Excerpted records:
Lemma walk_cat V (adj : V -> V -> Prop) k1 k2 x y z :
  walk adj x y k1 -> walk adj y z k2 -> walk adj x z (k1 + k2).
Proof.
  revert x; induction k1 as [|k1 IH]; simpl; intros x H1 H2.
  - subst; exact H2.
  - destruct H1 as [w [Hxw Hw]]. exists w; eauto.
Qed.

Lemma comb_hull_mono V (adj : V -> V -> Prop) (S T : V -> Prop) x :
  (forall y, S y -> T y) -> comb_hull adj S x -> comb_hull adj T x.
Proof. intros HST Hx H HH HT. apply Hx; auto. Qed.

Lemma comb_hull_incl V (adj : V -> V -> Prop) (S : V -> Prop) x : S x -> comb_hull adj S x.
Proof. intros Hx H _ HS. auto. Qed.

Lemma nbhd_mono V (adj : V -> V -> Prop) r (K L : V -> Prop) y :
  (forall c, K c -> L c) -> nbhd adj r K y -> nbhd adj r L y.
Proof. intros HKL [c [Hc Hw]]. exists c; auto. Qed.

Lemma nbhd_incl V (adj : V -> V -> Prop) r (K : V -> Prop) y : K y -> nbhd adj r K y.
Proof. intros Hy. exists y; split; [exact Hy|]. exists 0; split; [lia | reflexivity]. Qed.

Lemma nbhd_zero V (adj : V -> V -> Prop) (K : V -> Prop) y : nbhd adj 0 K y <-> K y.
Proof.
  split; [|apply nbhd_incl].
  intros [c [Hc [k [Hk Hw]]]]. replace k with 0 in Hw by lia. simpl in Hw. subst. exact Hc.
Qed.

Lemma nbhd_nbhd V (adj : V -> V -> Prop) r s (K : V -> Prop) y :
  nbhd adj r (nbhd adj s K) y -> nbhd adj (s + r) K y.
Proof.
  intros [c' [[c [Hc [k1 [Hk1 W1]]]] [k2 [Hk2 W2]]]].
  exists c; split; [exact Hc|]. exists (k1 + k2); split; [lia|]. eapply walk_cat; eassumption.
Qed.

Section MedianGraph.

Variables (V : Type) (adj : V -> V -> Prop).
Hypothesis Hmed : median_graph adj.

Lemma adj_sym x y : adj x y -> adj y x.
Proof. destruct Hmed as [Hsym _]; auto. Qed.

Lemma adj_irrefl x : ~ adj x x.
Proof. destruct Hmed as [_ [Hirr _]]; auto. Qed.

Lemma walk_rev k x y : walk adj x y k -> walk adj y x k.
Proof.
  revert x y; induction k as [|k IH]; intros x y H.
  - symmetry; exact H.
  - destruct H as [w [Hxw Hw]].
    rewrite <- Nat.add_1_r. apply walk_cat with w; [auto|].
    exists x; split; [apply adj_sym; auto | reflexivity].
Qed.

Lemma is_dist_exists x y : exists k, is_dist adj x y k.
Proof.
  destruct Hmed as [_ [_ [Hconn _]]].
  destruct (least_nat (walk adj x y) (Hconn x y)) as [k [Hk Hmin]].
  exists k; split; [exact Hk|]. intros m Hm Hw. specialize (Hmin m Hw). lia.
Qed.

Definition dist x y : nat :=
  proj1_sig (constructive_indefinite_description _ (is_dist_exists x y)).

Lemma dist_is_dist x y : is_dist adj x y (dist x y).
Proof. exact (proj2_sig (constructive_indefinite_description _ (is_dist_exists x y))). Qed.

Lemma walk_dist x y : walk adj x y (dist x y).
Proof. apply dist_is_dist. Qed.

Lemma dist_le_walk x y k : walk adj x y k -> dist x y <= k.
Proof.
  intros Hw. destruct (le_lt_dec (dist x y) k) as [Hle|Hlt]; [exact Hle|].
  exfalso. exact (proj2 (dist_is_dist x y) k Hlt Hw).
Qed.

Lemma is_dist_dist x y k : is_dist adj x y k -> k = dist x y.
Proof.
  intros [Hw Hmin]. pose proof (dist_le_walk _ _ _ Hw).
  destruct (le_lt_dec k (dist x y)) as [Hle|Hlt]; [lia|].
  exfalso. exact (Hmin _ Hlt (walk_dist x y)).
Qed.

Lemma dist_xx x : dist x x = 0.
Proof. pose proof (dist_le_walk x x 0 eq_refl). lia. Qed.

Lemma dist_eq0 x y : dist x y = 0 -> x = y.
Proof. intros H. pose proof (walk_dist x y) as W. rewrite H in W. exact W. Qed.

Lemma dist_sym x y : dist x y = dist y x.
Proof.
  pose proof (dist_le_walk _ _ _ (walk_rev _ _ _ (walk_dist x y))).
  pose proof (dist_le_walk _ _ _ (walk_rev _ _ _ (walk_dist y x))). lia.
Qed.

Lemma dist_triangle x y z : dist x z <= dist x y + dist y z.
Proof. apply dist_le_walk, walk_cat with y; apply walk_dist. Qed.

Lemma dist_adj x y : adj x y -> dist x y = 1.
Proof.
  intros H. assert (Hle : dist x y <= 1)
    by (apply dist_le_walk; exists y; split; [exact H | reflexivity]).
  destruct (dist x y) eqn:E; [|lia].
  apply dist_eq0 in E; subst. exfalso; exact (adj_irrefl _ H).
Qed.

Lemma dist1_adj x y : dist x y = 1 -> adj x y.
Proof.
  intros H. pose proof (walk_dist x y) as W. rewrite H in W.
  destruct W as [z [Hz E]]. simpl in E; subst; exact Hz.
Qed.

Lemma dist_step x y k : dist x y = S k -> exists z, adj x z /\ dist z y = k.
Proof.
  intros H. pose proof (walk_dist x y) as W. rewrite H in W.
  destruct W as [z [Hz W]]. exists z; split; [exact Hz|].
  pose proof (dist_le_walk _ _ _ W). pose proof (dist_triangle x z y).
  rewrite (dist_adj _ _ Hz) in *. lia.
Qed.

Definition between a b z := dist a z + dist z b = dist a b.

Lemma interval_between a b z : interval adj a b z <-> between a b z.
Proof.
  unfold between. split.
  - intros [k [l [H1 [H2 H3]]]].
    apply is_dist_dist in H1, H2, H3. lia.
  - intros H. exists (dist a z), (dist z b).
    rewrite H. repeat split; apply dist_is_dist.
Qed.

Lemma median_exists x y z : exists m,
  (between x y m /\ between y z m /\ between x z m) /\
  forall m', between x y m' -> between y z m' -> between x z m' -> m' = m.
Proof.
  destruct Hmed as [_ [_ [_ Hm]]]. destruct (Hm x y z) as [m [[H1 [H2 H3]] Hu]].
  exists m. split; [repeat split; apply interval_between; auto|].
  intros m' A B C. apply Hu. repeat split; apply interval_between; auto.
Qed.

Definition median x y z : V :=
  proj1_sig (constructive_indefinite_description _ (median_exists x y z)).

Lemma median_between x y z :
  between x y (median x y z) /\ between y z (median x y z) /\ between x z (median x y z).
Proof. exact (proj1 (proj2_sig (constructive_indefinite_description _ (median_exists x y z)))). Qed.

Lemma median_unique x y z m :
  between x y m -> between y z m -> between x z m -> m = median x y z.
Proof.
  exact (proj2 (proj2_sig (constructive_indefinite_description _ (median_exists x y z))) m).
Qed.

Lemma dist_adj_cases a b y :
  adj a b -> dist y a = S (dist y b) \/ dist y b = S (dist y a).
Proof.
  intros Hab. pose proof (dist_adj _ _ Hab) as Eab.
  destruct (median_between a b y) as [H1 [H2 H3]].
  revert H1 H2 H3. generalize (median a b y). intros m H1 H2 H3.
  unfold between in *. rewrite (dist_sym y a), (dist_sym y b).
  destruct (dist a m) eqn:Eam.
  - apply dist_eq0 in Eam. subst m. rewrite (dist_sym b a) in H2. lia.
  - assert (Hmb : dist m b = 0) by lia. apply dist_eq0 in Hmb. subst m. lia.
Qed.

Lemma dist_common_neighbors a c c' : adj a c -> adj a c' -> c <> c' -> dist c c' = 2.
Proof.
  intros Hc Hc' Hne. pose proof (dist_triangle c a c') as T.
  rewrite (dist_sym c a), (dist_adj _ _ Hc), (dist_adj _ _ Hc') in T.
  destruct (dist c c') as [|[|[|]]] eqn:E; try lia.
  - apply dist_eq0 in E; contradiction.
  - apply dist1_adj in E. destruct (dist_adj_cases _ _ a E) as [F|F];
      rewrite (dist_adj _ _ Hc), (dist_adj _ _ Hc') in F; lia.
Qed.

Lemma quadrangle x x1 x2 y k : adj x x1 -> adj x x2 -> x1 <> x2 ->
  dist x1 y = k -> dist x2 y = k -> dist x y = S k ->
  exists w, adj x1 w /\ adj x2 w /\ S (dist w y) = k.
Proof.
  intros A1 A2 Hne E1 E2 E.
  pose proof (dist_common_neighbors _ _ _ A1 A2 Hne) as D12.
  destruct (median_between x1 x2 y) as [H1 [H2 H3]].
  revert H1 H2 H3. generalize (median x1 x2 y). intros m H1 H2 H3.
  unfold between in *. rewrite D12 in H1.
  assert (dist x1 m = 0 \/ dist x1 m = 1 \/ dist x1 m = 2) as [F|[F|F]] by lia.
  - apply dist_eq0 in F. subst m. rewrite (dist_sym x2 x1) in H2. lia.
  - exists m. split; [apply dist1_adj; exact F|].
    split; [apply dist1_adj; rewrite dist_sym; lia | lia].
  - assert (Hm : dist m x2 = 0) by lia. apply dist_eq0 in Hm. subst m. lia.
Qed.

To do:
Go through the listing above and write out exactly the lines starting with the one holding "- apply dist_eq0 in E; contradiction." and running through the one holding "dist x1 y = k", ends included, and no others.

Answer to this problem:
  - apply dist_eq0 in E; contradiction.
  - apply dist1_adj in E. destruct (dist_adj_cases _ _ a E) as [F|F];
      rewrite (dist_adj _ _ Hc), (dist_adj _ _ Hc') in F; lia.
Qed.

Lemma quadrangle x x1 x2 y k : adj x x1 -> adj x x2 -> x1 <> x2 ->
  dist x1 y = k -> dist x2 y = k -> dist x y = S k ->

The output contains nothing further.